[TASK INSTRUCTIONS]
Of all the lines below, return only those starting with the line holding "- rewrite Rminus_0_r. apply hnonneg. lra." and going on through the line holding "Lemma ex_RInt_G u v : ex_RInt G u v.", exactly as written.

[MATERIAL FOR THIS TASK]
==*==
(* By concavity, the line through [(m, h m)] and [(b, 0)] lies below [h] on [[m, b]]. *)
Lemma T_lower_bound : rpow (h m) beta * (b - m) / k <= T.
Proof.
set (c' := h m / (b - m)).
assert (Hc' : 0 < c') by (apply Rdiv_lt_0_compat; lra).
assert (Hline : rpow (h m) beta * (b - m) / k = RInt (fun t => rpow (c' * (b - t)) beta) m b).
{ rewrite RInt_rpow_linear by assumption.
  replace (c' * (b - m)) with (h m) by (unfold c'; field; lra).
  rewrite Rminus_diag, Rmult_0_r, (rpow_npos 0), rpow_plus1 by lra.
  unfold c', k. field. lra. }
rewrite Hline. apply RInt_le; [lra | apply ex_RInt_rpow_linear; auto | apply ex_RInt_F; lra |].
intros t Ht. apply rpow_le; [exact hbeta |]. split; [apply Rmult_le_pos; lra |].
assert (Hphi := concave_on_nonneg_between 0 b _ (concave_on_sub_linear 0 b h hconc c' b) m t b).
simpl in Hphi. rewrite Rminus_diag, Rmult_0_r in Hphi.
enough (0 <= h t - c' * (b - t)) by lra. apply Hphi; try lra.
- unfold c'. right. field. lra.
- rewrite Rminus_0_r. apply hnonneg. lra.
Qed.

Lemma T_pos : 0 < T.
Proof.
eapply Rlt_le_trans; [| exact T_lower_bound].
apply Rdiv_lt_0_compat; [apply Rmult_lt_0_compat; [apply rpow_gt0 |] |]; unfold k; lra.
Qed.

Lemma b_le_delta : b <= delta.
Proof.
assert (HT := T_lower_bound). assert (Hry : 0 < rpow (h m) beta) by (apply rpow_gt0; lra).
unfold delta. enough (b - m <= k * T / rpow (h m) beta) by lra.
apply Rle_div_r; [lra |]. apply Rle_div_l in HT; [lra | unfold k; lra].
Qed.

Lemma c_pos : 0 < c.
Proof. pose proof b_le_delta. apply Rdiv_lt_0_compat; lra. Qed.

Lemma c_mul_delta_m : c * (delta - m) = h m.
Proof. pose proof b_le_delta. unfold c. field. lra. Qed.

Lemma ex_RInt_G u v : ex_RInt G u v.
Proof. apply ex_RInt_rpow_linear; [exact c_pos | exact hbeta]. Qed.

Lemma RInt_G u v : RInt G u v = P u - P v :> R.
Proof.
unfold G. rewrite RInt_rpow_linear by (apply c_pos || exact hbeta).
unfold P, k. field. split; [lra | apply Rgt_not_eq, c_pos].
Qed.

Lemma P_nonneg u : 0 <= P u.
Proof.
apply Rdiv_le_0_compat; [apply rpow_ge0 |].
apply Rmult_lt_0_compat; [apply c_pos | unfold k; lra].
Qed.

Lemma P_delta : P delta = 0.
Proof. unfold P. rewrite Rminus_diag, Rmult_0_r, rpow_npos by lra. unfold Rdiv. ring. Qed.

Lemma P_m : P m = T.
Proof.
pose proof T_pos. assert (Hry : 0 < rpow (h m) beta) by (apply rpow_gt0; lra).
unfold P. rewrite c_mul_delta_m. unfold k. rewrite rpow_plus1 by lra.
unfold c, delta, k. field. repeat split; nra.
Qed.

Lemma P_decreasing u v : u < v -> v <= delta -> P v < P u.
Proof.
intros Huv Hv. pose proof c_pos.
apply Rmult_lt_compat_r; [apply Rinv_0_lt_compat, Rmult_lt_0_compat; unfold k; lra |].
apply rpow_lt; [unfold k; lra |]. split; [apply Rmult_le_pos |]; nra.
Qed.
==*==
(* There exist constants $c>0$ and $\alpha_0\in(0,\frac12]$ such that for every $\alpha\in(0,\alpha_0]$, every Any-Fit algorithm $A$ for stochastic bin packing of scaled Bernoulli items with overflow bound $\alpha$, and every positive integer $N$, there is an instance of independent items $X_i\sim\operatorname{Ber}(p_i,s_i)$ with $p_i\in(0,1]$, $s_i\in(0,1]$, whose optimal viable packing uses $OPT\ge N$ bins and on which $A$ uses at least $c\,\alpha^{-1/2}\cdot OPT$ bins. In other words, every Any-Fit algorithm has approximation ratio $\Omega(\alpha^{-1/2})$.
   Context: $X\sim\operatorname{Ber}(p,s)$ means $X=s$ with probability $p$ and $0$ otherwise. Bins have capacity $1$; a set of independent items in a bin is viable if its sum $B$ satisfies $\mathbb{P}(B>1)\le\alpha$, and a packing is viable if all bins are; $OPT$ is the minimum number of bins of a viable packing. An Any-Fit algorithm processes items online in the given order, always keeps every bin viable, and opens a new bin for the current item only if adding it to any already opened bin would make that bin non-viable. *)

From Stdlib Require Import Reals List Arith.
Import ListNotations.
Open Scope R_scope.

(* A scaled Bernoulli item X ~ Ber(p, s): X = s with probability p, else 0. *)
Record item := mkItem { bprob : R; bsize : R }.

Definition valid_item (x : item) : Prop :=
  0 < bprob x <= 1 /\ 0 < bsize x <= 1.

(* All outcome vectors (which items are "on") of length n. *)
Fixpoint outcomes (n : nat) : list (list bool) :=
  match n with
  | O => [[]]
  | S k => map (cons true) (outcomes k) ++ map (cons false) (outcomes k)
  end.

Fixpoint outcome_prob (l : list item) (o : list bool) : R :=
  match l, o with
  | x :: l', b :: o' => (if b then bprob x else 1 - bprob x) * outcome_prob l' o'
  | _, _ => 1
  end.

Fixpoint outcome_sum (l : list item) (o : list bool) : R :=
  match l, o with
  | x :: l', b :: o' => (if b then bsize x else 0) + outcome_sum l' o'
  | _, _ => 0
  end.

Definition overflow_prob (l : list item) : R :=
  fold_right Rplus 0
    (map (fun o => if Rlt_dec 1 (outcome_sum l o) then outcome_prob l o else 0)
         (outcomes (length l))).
==*==
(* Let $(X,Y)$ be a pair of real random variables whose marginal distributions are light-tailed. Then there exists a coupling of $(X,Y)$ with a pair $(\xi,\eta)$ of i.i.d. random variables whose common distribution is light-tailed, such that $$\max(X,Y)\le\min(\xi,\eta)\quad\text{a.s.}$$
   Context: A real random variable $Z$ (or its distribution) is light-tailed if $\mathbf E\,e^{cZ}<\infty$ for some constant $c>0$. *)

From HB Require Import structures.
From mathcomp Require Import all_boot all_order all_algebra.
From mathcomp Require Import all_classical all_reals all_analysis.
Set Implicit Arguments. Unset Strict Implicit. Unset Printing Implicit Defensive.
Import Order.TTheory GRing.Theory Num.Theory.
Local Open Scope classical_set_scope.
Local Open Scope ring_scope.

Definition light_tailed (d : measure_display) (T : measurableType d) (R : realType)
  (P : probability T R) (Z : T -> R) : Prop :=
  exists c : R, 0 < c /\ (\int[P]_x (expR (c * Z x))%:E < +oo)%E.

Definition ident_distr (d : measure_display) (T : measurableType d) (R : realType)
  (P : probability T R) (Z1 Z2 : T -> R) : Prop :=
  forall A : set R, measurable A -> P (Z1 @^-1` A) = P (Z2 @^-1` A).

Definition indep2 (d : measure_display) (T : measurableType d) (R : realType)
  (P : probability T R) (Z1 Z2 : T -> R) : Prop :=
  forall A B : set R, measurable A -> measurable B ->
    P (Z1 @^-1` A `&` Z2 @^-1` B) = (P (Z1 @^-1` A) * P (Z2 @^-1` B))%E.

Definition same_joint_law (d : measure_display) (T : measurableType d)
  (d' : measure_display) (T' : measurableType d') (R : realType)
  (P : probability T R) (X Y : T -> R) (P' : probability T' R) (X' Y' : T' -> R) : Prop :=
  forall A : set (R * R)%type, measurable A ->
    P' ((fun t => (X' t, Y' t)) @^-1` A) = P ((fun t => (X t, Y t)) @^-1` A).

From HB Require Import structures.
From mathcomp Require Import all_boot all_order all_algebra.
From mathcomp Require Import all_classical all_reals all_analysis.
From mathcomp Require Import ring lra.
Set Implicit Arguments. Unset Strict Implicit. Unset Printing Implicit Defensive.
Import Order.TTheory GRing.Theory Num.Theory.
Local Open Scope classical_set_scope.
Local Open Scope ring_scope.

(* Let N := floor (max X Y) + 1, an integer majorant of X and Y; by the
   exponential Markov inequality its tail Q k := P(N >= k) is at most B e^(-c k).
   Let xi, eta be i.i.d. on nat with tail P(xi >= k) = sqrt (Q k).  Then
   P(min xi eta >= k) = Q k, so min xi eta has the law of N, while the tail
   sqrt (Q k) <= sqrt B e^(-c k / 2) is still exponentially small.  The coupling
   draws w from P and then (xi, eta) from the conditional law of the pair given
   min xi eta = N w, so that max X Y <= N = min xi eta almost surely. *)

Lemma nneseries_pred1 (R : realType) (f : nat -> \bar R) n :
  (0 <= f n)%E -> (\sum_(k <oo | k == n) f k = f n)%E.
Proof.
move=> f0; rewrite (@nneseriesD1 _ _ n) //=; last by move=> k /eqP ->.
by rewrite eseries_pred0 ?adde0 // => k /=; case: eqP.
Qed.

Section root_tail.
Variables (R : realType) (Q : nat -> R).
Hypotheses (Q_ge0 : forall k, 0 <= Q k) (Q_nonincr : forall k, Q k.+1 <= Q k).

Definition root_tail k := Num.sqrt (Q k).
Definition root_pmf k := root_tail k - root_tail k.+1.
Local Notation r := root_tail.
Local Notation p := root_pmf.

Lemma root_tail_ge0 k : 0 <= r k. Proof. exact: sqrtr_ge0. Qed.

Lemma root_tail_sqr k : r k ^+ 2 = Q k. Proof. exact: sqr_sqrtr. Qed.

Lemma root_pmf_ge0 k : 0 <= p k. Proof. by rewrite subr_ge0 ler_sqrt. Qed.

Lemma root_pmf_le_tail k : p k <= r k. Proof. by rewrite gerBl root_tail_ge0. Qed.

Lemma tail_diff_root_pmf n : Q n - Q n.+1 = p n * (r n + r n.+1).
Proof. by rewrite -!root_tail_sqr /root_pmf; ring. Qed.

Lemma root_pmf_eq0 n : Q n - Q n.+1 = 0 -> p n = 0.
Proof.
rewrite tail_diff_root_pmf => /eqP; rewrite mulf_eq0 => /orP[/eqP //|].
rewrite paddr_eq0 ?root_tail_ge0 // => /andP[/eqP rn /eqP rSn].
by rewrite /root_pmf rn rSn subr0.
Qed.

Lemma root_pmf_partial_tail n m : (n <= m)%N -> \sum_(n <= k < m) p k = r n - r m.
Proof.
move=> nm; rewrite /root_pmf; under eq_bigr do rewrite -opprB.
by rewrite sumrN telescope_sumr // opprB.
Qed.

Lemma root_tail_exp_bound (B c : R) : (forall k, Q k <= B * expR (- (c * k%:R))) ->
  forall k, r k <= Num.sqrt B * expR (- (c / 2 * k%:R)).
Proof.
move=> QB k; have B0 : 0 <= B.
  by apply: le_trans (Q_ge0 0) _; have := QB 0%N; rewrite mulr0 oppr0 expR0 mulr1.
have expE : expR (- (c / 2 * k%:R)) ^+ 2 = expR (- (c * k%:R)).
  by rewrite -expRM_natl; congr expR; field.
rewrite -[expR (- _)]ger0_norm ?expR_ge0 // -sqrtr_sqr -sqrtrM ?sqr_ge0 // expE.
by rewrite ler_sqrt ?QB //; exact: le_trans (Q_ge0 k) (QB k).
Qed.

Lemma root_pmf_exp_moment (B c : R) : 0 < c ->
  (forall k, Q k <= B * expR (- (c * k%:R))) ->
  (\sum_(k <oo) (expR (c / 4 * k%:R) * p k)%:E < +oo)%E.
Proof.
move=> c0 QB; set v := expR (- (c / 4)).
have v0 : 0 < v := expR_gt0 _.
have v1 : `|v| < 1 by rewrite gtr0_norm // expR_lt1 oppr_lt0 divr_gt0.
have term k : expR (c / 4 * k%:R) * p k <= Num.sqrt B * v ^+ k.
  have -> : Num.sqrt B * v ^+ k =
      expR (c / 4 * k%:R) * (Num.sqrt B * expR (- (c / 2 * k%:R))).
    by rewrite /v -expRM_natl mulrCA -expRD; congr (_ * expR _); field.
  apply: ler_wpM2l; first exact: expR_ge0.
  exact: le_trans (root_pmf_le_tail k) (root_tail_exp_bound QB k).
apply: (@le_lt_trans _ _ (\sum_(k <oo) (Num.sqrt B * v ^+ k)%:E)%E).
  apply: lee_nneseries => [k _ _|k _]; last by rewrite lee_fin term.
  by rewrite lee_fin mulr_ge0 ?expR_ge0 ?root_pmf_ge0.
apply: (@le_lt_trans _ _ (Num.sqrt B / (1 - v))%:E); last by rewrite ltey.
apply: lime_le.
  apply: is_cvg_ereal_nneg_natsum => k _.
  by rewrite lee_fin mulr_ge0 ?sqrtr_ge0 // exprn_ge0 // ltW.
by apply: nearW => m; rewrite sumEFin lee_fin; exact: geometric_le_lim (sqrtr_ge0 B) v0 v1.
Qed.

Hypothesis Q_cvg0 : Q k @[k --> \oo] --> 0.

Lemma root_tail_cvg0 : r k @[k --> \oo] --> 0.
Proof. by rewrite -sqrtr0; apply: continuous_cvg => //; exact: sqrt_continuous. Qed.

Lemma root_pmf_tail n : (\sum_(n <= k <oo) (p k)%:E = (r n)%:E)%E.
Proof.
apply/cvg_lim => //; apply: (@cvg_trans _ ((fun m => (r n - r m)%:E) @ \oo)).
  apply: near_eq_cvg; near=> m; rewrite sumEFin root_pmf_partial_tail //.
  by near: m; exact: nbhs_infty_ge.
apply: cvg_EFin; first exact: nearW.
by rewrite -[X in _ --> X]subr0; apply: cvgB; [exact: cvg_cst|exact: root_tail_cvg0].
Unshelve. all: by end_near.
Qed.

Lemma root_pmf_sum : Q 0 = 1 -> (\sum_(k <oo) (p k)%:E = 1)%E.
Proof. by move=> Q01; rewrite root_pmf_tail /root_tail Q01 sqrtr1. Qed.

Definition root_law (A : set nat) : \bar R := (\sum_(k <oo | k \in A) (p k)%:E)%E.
==*==
[TASK RESULT]
- rewrite Rminus_0_r. apply hnonneg. lra.
Qed.

Lemma T_pos : 0 < T.
Proof.
eapply Rlt_le_trans; [| exact T_lower_bound].
apply Rdiv_lt_0_compat; [apply Rmult_lt_0_compat; [apply rpow_gt0 |] |]; unfold k; lra.
Qed.

Lemma b_le_delta : b <= delta.
Proof.
assert (HT := T_lower_bound). assert (Hry : 0 < rpow (h m) beta) by (apply rpow_gt0; lra).
unfold delta. enough (b - m <= k * T / rpow (h m) beta) by lra.
apply Rle_div_r; [lra |]. apply Rle_div_l in HT; [lra | unfold k; lra].
Qed.

Lemma c_pos : 0 < c.
Proof. pose proof b_le_delta. apply Rdiv_lt_0_compat; lra. Qed.

Lemma c_mul_delta_m : c * (delta - m) = h m.
Proof. pose proof b_le_delta. unfold c. field. lra. Qed.

Lemma ex_RInt_G u v : ex_RInt G u v.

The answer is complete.